За едой Сергей поинтересовался, не держит ли Мыльников хозяйство, тот охотно рассказал, что живет в Атамановке, в поселке недалеко от Читы, признан негодным к несению строевой и отправили его военизированную охрану по сопровождению поездов. Держат с женой огород и коровенку, у него трое детей. Помогает ему старший брат бобыль, еще в гражданскую потерявший ногу, который, несмотря на это, все равно занимается слесарным делом. Провиант ему в дорогу собрали дочери и жена. В разговоре Мыльников, бросив цепкий взгляд на поджарую фигуру лейтенанта, высказал, видимо, свое жизненное кредо:

— Ты, сынок, подкрепляйся, подкрепляйся, я вижу, что на казенных-то харчах не больно-то раздобрел. — И, смачно жуя булку с салом, продолжал: — Я вот служу, и у меня так не так случаются свободные дни, так я на печке после ездок-то не отсыпаюсь, а сразу — по сезону — то в тайгу, то на реку, то в огород. Война-то она война, да негоже на нее списывать лень свою. Ежели власть не отбирает, то ничего, жить можно. Да и не жалко помочь воинам русским, ежели эта власть попросит. Рабочему человеку что надобно? Чтоб не измывались над ним, а он уж и себя прокормит, и государство, и воинов своих.
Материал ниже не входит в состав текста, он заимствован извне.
(* Let $q=2^m$. Then the setwise stabilizer $\mathrm{Stab}_{U_{q+1}}$ of $U_{q+1}$ consists exactly of the following linear fractional transformations: (I) $u\mapsto u_0u$ with $u_0\in U_{q+1}$; (II) $u\mapsto u_0u^{-1}$ with $u_0\in U_{q+1}$; (III) $u\mapsto \frac{u+c^qu_0}{cu+u_0}$ with $u_0\in U_{q+1}$ and $c\in\mathrm{GF}(q^2)^*\setminus U_{q+1}$.
   Context: $U_{q+1}$ is the set of $(q+1)$-th roots of unity in $\mathrm{GF}(q^2)$, viewed as a subset of $\mathrm{PG}(1,q^2)=\mathrm{GF}(q^2)\cup\{\infty\}$. $\mathrm{Stab}_{U_{q+1}}$ is the setwise stabilizer of $U_{q+1}$ under the action of $\mathrm{PGL}_2(\mathrm{GF}(q^2))$ on $\mathrm{PG}(1,q^2)$ by linear fractional transformations $x\mapsto\frac{ax+b}{cx+d}$. *)

From HB Require Import structures.
From mathcomp Require Import all_boot all_order all_algebra all_field.
Set Implicit Arguments. Unset Strict Implicit. Unset Printing Implicit Defensive.
Import GRing.Theory.
Local Open Scope ring_scope.

(* The projective line PG(1,F) = F ∪ {∞}, modelled as option F
   with None = ∞ and Some x = x. *)
Definition projline (F : finFieldType) := option F.

Definition mobius (F : finFieldType) (a b c d : F) (x : option F) : option F :=
  match x with
  | Some x => if c * x + d != 0 then Some ((a * x + b) / (c * x + d)) else None
  | None => if c != 0 then Some (a / c) else None
  end.

Definition unity_roots (F : finFieldType) (q : nat) : {set F} :=
  [set u : F | u ^+ q.+1 == 1].

Definition unity_roots_P1 (F : finFieldType) (q : nat) : {set option F} :=
  [set Some u | u in unity_roots F q].

Definition stabilizes (T : finType) (f : T -> T) (S : {set T}) : Prop :=
  f @: S = S.

From HB Require Import structures.
From mathcomp Require Import all_boot all_order all_algebra all_field.
From mathcomp Require Import ring zify.
Set Implicit Arguments.
Unset Strict Implicit.
Unset Printing Implicit Defensive.
Import GRing.Theory.
Local Open Scope ring_scope.

(* Write N x = x^(q+1).  When x |-> x^q is additive, every u in U = U_{q+1}
   satisfies u N(x u + y) = x y^q u^2 + (N x + N y) u + y x^q, so the image
   (a u + b)/(c u + d) of u lies in U exactly when u is a root of the
   difference of the quadratics attached to (a, b) and to (c, d).  As U has at
   least three points, the map stabilizes U iff its pole avoids U and these
   quadratics have the same coefficients:
     a b^q = c d^q,   N a + N b = N c + N d,   b a^q = d c^q.
   Solving this system with a d - b c <> 0 gives type (I) when c = 0, type (II)
   when a = 0, and otherwise, after scaling to a = 1, N d = 1, N c <> 1 and
   b = c^q d, which is type (III). *)

Lemma quadratic_coef_eq0 (F : fieldType) (al be ga : F) (rs : seq F) :
  uniq rs -> (2 < size rs)%N ->
  {in rs, forall x, al * x ^+ 2 + be * x + ga = 0} ->
  [/\ al = 0, be = 0 & ga = 0].
Proof.
move=> rs_uniq rs_size rs_roots; pose p := Poly [:: ga; be; al].
have p0 : p = 0.
  apply: contraTeq rs_size => /max_poly_roots rs_lt.
  rewrite -leqNgt -ltnS.
  apply: leq_trans (rs_lt rs _ rs_uniq) (size_Poly _).
  apply/allP => x /rs_roots rx; rewrite /root horner_Poly /= mul0r add0r.
  by apply/eqP; rewrite -{}rx; ring.
have coef i : [:: ga; be; al]`_i = 0 by rewrite -coef_Poly -/p p0 coef0.
by split; [apply: (coef 2%N) | apply: (coef 1%N) | apply: (coef 0%N)].
Qed.

Lemma pchar2_uniq_square (F : fieldType) (z : F) :
  2 \in [pchar F] -> z != 0 -> z != 1 -> uniq [:: 1; z; z ^+ 2].
Proof.
move=> char2 z0 z1; rewrite /= !inE negb_or eq_sym z1 /=.
have sqr_z : z ^+ 2 != 1.
  apply: contra z1 => /eqP z2.
  suff: (z - 1) ^+ 2 == 0 by rewrite expf_eq0 subr_eq0.
  have -> : (z - 1) ^+ 2 = z ^+ 2 - 1 - 2%:R * z + 2%:R by ring.
  by rewrite z2 subrr (pcharf0 char2) mul0r subr0 addr0.
rewrite eq_sym sqr_z andbT; apply: contra z1 => /eqP zz.
by apply/eqP/(mulfI z0); rewrite mulr1 -expr2 -zz.
Qed.

Lemma unity_roots_nontrivial (F : finFieldType) (q : nat) :
  (1 < q)%N -> #|F| = (q ^ 2)%N -> exists2 z, z \in unity_roots F q & z != 1.
Proof.
move=> q_gt1 cardF.
have [/existsP[x /andP[x0 xq1]] | ] :=
  boolP [exists x : F, (x != 0) && (x ^+ q.-1 != 1)].
  exists (x ^+ q.-1) => //; rewrite inE -exprM; apply/eqP/(mulfI x0).
  have -> : (q.-1 * q.+1 = #|F|.-1)%N by rewrite cardF; nia.
  by rewrite -exprS prednK ?expf_card ?mulr1 // cardF expn_gt0; lia.
rewrite negb_exists => /forallP all1.
have : (size (enum [pred x : F | x != 0%R]) <= q.-1)%N.
  apply: max_unity_roots (enum_uniq _); first lia.
  apply/allP => x; rewrite mem_enum inE unity_rootE => x0.
  by have := all1 x; rewrite x0 negbK.
rewrite -cardE cardC1 cardF; nia.
Qed.

Section Mobius.

Variable F : finFieldType.

Lemma mobius_scale (a b c d k : F) : k != 0 ->
  mobius a b c d =1 mobius (a / k) (b / k) (c / k) (d / k).
Proof.
move=> k0 [x|] /=.
  have -> : c / k * x + d / k = (c * x + d) / k by field.
  rewrite mulf_eq0 invr_eq0 (negbTE k0) orbF.
  by case: ifP => // h; congr Some; field; rewrite k0 h.
rewrite mulf_eq0 invr_eq0 (negbTE k0) orbF.
by case: ifP => // c0; congr Some; field; rewrite c0 k0.
Qed.

Lemma mobiusK (a b c d : F) : a * d - b * c != 0 ->
  cancel (mobius a b c d) (mobius d (- b) (- c) a).
Proof.
move=> det [x|] /=; last first.
  have [-> | c0] := eqVneq c 0; first by rewrite /= oppr0 eqxx.
  rewrite /=; have -> : - c * (a / c) + a = 0 by field.
  by rewrite eqxx.
have [pole | pole] := eqVneq (c * x + d) 0; rewrite ?pole ?eqxx /=.
  have [c0 | c0] := eqVneq c 0; rewrite oppr_eq0 c0 /=.
    have d0 : d = 0 by move: pole; rewrite c0 mul0r add0r.
    by move: det; rewrite c0 d0 !mulr0 subrr eqxx.
  congr Some; apply: (mulfI c0).
  by rewrite -(addKr (c * x) d) pole addr0; field; rewrite oppr_eq0.
set y := (a * x + b) / (c * x + d).
have den : - c * y + a = (a * d - b * c) / (c * x + d) by rewrite /y; field.
rewrite den mulf_eq0 invr_eq0 negb_or det pole /= /y; congr Some.
by field; rewrite det pole.
Qed.

End Mobius.

Section UnityRoots.

Variables (F : finFieldType) (q : nat).
Local Notation U := (unity_roots F q).
Local Notation P1 := (unity_roots_P1 F q).

Lemma unity_root_neq0 (u : F) : u \in U -> u != 0.
Proof.
by rewrite inE; apply: contraL => /eqP->; rewrite expr0n eq_sym oner_eq0.
Qed.

Lemma mem_unity_roots_P1 (y : F) : (Some y \in P1) = (y \in U).
Proof. by apply/imsetP/idP => [[u uU [->]] // | yU]; exists y. Qed.

Lemma None_notin_unity_roots_P1 : (None \in P1) = false.
Proof. by apply/imsetP => -[]. Qed.

Lemma divf_unity_root (x y : F) : y != 0 ->
  (x / y \in U) = (x ^+ q.+1 == y ^+ q.+1).
Proof.
move=> y0; have yq0 : y ^+ q.+1 != 0 by rewrite expf_neq0.
rewrite inE exprMn exprVn; apply/eqP/eqP => [xy | ->]; last by rewrite divff.
by rewrite -(divfK yq0 (x ^+ q.+1)) xy mul1r.
Qed.

End UnityRoots.

Lemma card_unity_roots_gt2 (F : finFieldType) (q : nat) :
  2 \in [pchar F] -> #|F| = (q ^ 2)%N -> (2 < #|unity_roots F q|)%N.
Proof.
move=> char2 cardF.
have q_gt1 : (1 < q)%N by move: (finNzRing_gt1 F); rewrite cardF; nia.
have [z zU z1] := unity_roots_nontrivial q_gt1 cardF.
have /card_uniqP card3 := pchar2_uniq_square char2 (unity_root_neq0 zU) z1.
have sub3 : [:: 1; z; z ^+ 2] \subset unity_roots F q.
  move: zU; rewrite inE => zq1.
  apply/subsetP => x; rewrite !inE => /or3P[] /eqP-> //.
    by rewrite expr1n.
  by rewrite exprAC (eqP zq1) expr1n.
by have := subset_leq_card sub3; rewrite card3.
Qed.

Section NormQuadratic.

Variables (F : finFieldType) (q : nat).
Local Notation U := (unity_roots F q).
Local Notation P1 := (unity_roots_P1 F q).

Definition norm_quad (x y u : F) :=
  x * y ^+ q * u ^+ 2 + (x ^+ q.+1 + y ^+ q.+1) * u + y * x ^+ q.

Definition same_norm_quad (a b c d : F) : Prop :=
  [/\ a * b ^+ q = c * d ^+ q,
      a ^+ q.+1 + b ^+ q.+1 = c ^+ q.+1 + d ^+ q.+1
    & b * a ^+ q = d * c ^+ q].

Hypothesis exprqD : forall x y : F, (x + y) ^+ q = x ^+ q + y ^+ q.

Lemma norm_quadE (x y u : F) :
  u \in U -> u * (x * u + y) ^+ q.+1 = norm_quad x y u.
Proof.
rewrite inE exprS => /eqP uq1.
have -> : (x * u + y) ^+ q.+1 = (x * u + y) * (x ^+ q * u ^+ q + y ^+ q).
  by rewrite exprS exprqD exprMn.
transitivity ((x * u + y) * (x ^+ q * (u * u ^+ q) + y ^+ q * u)).
  by ring.
by rewrite uq1 /norm_quad !exprS; ring.
Qed.

Lemma mobius_unity_root (a b c d u : F) : u \in U -> c * u + d != 0 ->
  ((a * u + b) / (c * u + d) \in U) = (norm_quad a b u == norm_quad c d u).
Proof.
move=> uU pole; rewrite divf_unity_root // -!norm_quadE //.
by rewrite (inj_eq (mulfI (unity_root_neq0 uU))).
Qed.

Lemma stabilizes_unity_roots_P1 (a b c d : F) : a * d - b * c != 0 ->
  {in U, forall u, c * u + d != 0} -> same_norm_quad a b c d ->
  stabilizes (mobius a b c d) P1.
Proof.
move=> det pole [eq2 eq1 eq0].
have sub : mobius a b c d @: P1 \subset P1.
  apply/subsetP => y /imsetP[[u|]]; rewrite ?None_notin_unity_roots_P1 //.
  rewrite mem_unity_roots_P1 => uU -> /=.
  rewrite pole // mem_unity_roots_P1 mobius_unity_root ?pole //.
  by rewrite /norm_quad eq2 eq1 eq0.
apply/eqP; rewrite eqEcard sub card_imset ?leqnn //.
exact: can_inj (mobiusK det).
Qed.

Lemma stabilizes_norm_quad (a b c d : F) : stabilizes (mobius a b c d) P1 ->
  {in U, forall u, c * u + d != 0 /\ norm_quad a b u = norm_quad c d u}.
Proof.
move=> st u uU.
have : mobius a b c d (Some u) \in P1.
  by rewrite -st imset_f ?mem_unity_roots_P1.
rewrite /=; case: ifP => [pole | _]; last by rewrite None_notin_unity_roots_P1.
by rewrite mem_unity_roots_P1 mobius_unity_root // => /eqP.
Qed.

Lemma same_norm_quad_of_stabilizes (a b c d : F) : (2 < #|U|)%N ->
  stabilizes (mobius a b c d) P1 -> same_norm_quad a b c d.
Proof.
move=> U_gt2 /stabilizes_norm_quad st.
have [] := @quadratic_coef_eq0 _ (a * b ^+ q - c * d ^+ q)
  (a ^+ q.+1 + b ^+ q.+1 - (c ^+ q.+1 + d ^+ q.+1)) (b * a ^+ q - d * c ^+ q)
  (enum U) (enum_uniq _); first by rewrite -cardE.
  move=> u; rewrite mem_enum => /st[_ /eqP]; rewrite -subr_eq0 => /eqP <-.
  by rewrite /norm_quad; ring.
by move=> /subr0_eq eq2 /subr0_eq eq1 /subr0_eq eq0; split.
Qed.

End NormQuadratic.

Section NormalForms.

Variables (F : finFieldType) (q : nat).
Local Notation U := (unity_roots F q).
Local Notation P1 := (unity_roots_P1 F q).
Local Notation same_norm_quad := (@same_norm_quad F q).

Hypothesis q_gt0 : (0 < q)%N.

Let expr0q : (0 : F) ^+ q = 0.
Proof. by rewrite expr0n gtn_eqF. Qed.

Let expr0Sq : (0 : F) ^+ q.+1 = 0.
Proof. by rewrite exprS mul0r. Qed.

Lemma same_norm_quad_typeI (a b d : F) : a * d - b * 0 != 0 ->
  same_norm_quad a b 0 d ->
  exists2 u0, u0 \in U & mobius a b 0 d =1 mobius u0 0 0 1.
Proof.
rewrite mulr0 subr0 mulf_eq0 negb_or => /andP[a0 d0] [eq2 eq1 _].
have b0 : b = 0.
  move/eqP: eq2; rewrite mul0r mulf_eq0 (negbTE a0) expf_eq0.
  by case/andP=> _ /eqP.
exists (a / d).
  by move: eq1; rewrite b0 !expr0Sq addr0 add0r divf_unity_root // => ->.
by move=> x; rewrite b0 (mobius_scale _ _ _ _ d0) !mul0r divff.
Qed.

Lemma same_norm_quad_typeII (b c d : F) : 0 * d - b * c != 0 ->
  same_norm_quad 0 b c d ->
  exists2 u0, u0 \in U & mobius 0 b c d =1 mobius 0 u0 1 0.
Proof.
rewrite mul0r sub0r oppr_eq0 mulf_eq0 negb_or => /andP[b0 c0] [_ eq1 eq0].
have d0 : d = 0.
  move/eqP: eq0; rewrite expr0q mulr0 eq_sym mulf_eq0 expf_eq0 (negbTE c0).
  by rewrite andbF orbF => /eqP.
exists (b / c).
  by move: eq1; rewrite d0 !expr0Sq addr0 add0r divf_unity_root // => ->.
by move=> x; rewrite d0 (mobius_scale _ _ _ _ c0) !mul0r divff.
Qed.

Lemma same_norm_quad_typeIII (a b c d : F) : a != 0 -> c != 0 ->
  a * d - b * c != 0 -> same_norm_quad a b c d ->
  exists u0 c0 : F, [/\ u0 \in U, c0 != 0, c0 \notin U &
                        mobius a b c d =1 mobius 1 (c0 ^+ q * u0) c0 u0].
Proof.
move=> a0 c0 det [eq2 eq1 eq0].
have aq0 : a ^+ q != 0 by rewrite expf_neq0.
have b_def : b = d * c ^+ q / a ^+ q by rewrite -eq0 mulfK.
have bq_def : b ^+ q = c * d ^+ q / a by rewrite -eq2 mulrC mulKf.
have Nc : c ^+ q.+1 != a ^+ q.+1.
  apply: contraNneq det => Nca.
  have -> : a * d - b * c = d * (a ^+ q.+1 - c ^+ q.+1) / a ^+ q.
    by rewrite b_def !exprS; field.
  by rewrite Nca subrr mulr0 mul0r.
have Nd : d ^+ q.+1 = a ^+ q.+1.
  have Nb : b ^+ q.+1 = c ^+ q.+1 * d ^+ q.+1 / a ^+ q.+1.
    by rewrite exprS {1}b_def bq_def !exprS; field; rewrite a0 aq0.
  have : (a ^+ q.+1 - c ^+ q.+1) * (a ^+ q.+1 - d ^+ q.+1) = 0.
    transitivity
      (a ^+ q.+1 * (a ^+ q.+1 + b ^+ q.+1 - (c ^+ q.+1 + d ^+ q.+1))).
      by rewrite Nb; field; rewrite expf_neq0.
    by rewrite eq1 subrr mulr0.
  move/eqP; rewrite mulf_eq0 subr_eq0 eq_sym (negbTE Nc) /= subr_eq0.
  by move/eqP.
exists (d / a), (c / a); split.
- by rewrite divf_unity_root // Nd.
- by rewrite mulf_neq0 ?invr_eq0.
- by rewrite divf_unity_root.
- move=> x; rewrite (mobius_scale _ _ _ _ a0) divff //; congr mobius.
  by rewrite b_def expr_div_n; field; rewrite a0 aq0.
Qed.

Hypothesis exprqD : forall x y : F, (x + y) ^+ q = x ^+ q + y ^+ q.

Lemma stabilizes_typeI (u0 : F) : u0 \in U -> stabilizes (mobius u0 0 0 1) P1.
Proof.
move=> u0U; have := u0U; rewrite inE => /eqP Nu0.
apply: stabilizes_unity_roots_P1 => //.
- by rewrite mulr1 mulr0 subr0 (unity_root_neq0 u0U).
- by move=> u _; rewrite mul0r add0r oner_neq0.
- by split; rewrite ?expr0q ?expr0Sq ?expr1n ?Nu0 ?mulr0 ?mul0r ?addr0 ?add0r.
Qed.

Lemma stabilizes_typeII (u0 : F) : u0 \in U -> stabilizes (mobius 0 u0 1 0) P1.
Proof.
move=> u0U; have := u0U; rewrite inE => /eqP Nu0.
apply: stabilizes_unity_roots_P1 => //.
- by rewrite mulr0 sub0r mulr1 oppr_eq0 (unity_root_neq0 u0U).
- by move=> u uU; rewrite mul1r addr0 (unity_root_neq0 uU).
- by split; rewrite ?expr0q ?expr0Sq ?expr1n ?Nu0 ?mulr0 ?mul0r ?addr0 ?add0r.
Qed.

Hypothesis exprqK : forall x : F, x ^+ q ^+ q = x.
Hypothesis char2 : 2 \in [pchar F].

Lemma stabilizes_typeIII (u0 c0 : F) : u0 \in U -> c0 \notin U ->
  stabilizes (mobius 1 (c0 ^+ q * u0) c0 u0) P1.
Proof.
move=> u0U; have := u0U; rewrite inE => /eqP Nu0; rewrite inE => Nc0.
apply: stabilizes_unity_roots_P1 => //.
- have -> : 1 * u0 - c0 ^+ q * u0 * c0 = u0 * (1 - c0 ^+ q.+1).
    by rewrite exprS; ring.
  by rewrite mulf_neq0 ?(unity_root_neq0 u0U) // subr_eq0 eq_sym.
- move=> u; rewrite inE => /eqP Nu; apply: contra Nc0 => /eqP pole.
  have u0_def : u0 = c0 * u.
    by apply/eqP; rewrite -(oppr_pchar2 char2 (c0 * u)) -addr_eq0 addrC pole.
  by rewrite -Nu0 u0_def exprMn Nu mulr1.
- split.
  + by rewrite mul1r exprMn exprqK.
  + by rewrite expr1n exprMn Nu0 mulr1 exprS exprqK -exprSr addrC.
  + by rewrite expr1n mulr1 mulrC.
Qed.

End NormalForms.

Theorem proposition5 (F : finFieldType) (m : nat)
    (hF : #|F| = ((2 ^ m) ^ 2)%N)
    (a b c d : F) (hdet : a * d - b * c != 0) :
  stabilizes (mobius a b c d) (unity_roots_P1 F (2 ^ m)) <->
  [\/ (exists2 u0, u0 \in unity_roots F (2 ^ m) &
         mobius a b c d =1 mobius u0 0 0 1),
      (exists2 u0, u0 \in unity_roots F (2 ^ m) &
         mobius a b c d =1 mobius 0 u0 1 0)
    | (exists u0 c0 : F,
         [/\ u0 \in unity_roots F (2 ^ m), c0 != 0,
             c0 \notin unity_roots F (2 ^ m) &
             mobius a b c d =1 mobius 1 (c0 ^+ (2 ^ m) * u0) c0 u0])].
Proof.
have char2 : 2 \in [pchar F].
  by apply: (card_finPcharP (n := (m * 2)%N)); rewrite // hF expnM.
have q_gt0 : (0 < 2 ^ m)%N by rewrite expn_gt0.
have exprqD (x y : F) : (x + y) ^+ (2 ^ m) = x ^+ (2 ^ m) + y ^+ (2 ^ m).
  by apply: exprDn_pchar; rewrite pnatX (pnatE _ (isT : prime 2)) char2.
have exprqK (x : F) : x ^+ (2 ^ m) ^+ (2 ^ m) = x.
  by rewrite -exprM -{2}(expf_card x) hF.
split=> [stab | ].
  have coefs := same_norm_quad_of_stabilizes exprqD
    (card_unity_roots_gt2 char2 hF) stab.
  have [c0 | c_neq0] := eqVneq c 0.
    by subst c; constructor 1; apply: same_norm_quad_typeI.
  have [a0 | a_neq0] := eqVneq a 0.
    by subst a; constructor 2; apply: same_norm_quad_typeII.
  by constructor 3; apply: same_norm_quad_typeIII.
rewrite /stabilizes; case=> [[u0 u0U /eq_imset->] | [u0 u0U /eq_imset->] |
                            [u0 [c0 [u0U _ c0U /eq_imset->]]]].
- exact: stabilizes_typeI.
- exact: stabilizes_typeII.
- exact: stabilizes_typeIII.
Qed.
Вона в империалистическую, на Украйне голод, а в Сибири колесья у телег сливочным маслом смазывали, девать некуда было. Потому как не трогали работягу или, может, начальства мало было. А после как начали власть делить и трудягами командовать, опять голод начался.

Сергей понял, что Мыльников намекал на коллективизацию. Такая аполитичность Сергею не понравилась, хотя глубоко в душе он понимал, что тот прав. Старик налил в кружку густого чая с молоком. Сергей сам частенько в детстве пил такой чаек, а чтобы выразить благодарность стрелку, заметил: насчет бутылки в обрезке валенка хитро, мол, придумано.

Закончив трапезу, попутчики закурили. Каждый свое, от предложенной папиросы Мыльников отказался и скрутил корявыми избитыми пальцами самокрутку. «Неся привыкать!» — пояснил отказ.

Вокруг расстилалась осенняя желтая степь с небольшими подъемами. Изредка виднелись отары овец, небольшие стада коров. Кое-где торчали постройки, то ли кошары, то ли воинские объекты. Практически параллельно железнодорожной линии тянулась нитка автомобильной дороги. По ней иногда проскакивали автомашины. Солнце уже перевалило за полдень. Колеса поезда мерно отстукивали километры, и Сергей решил, воспользовавшись вынужденным бездельем, вздремнуть еще. Он расстелил телогрейку на полу площадки, положил вещмешок под голову, поймал на себе взгляд человека, хотевшего, но не имеющего права вот так, среди бела дня, завалиться спать, закрыл глаза.

Глава 3

Младший лейтенант Перелыгин

Вечерняя сводка Совинформбюро 05.09.1942 г.:

«В течение 5 сентября наши войска вели бои с противником северо-западнее и юго-западнее Сталинграда, а также в районах Новороссийск и Моздок. На других фронтах существенных изменений не произошло».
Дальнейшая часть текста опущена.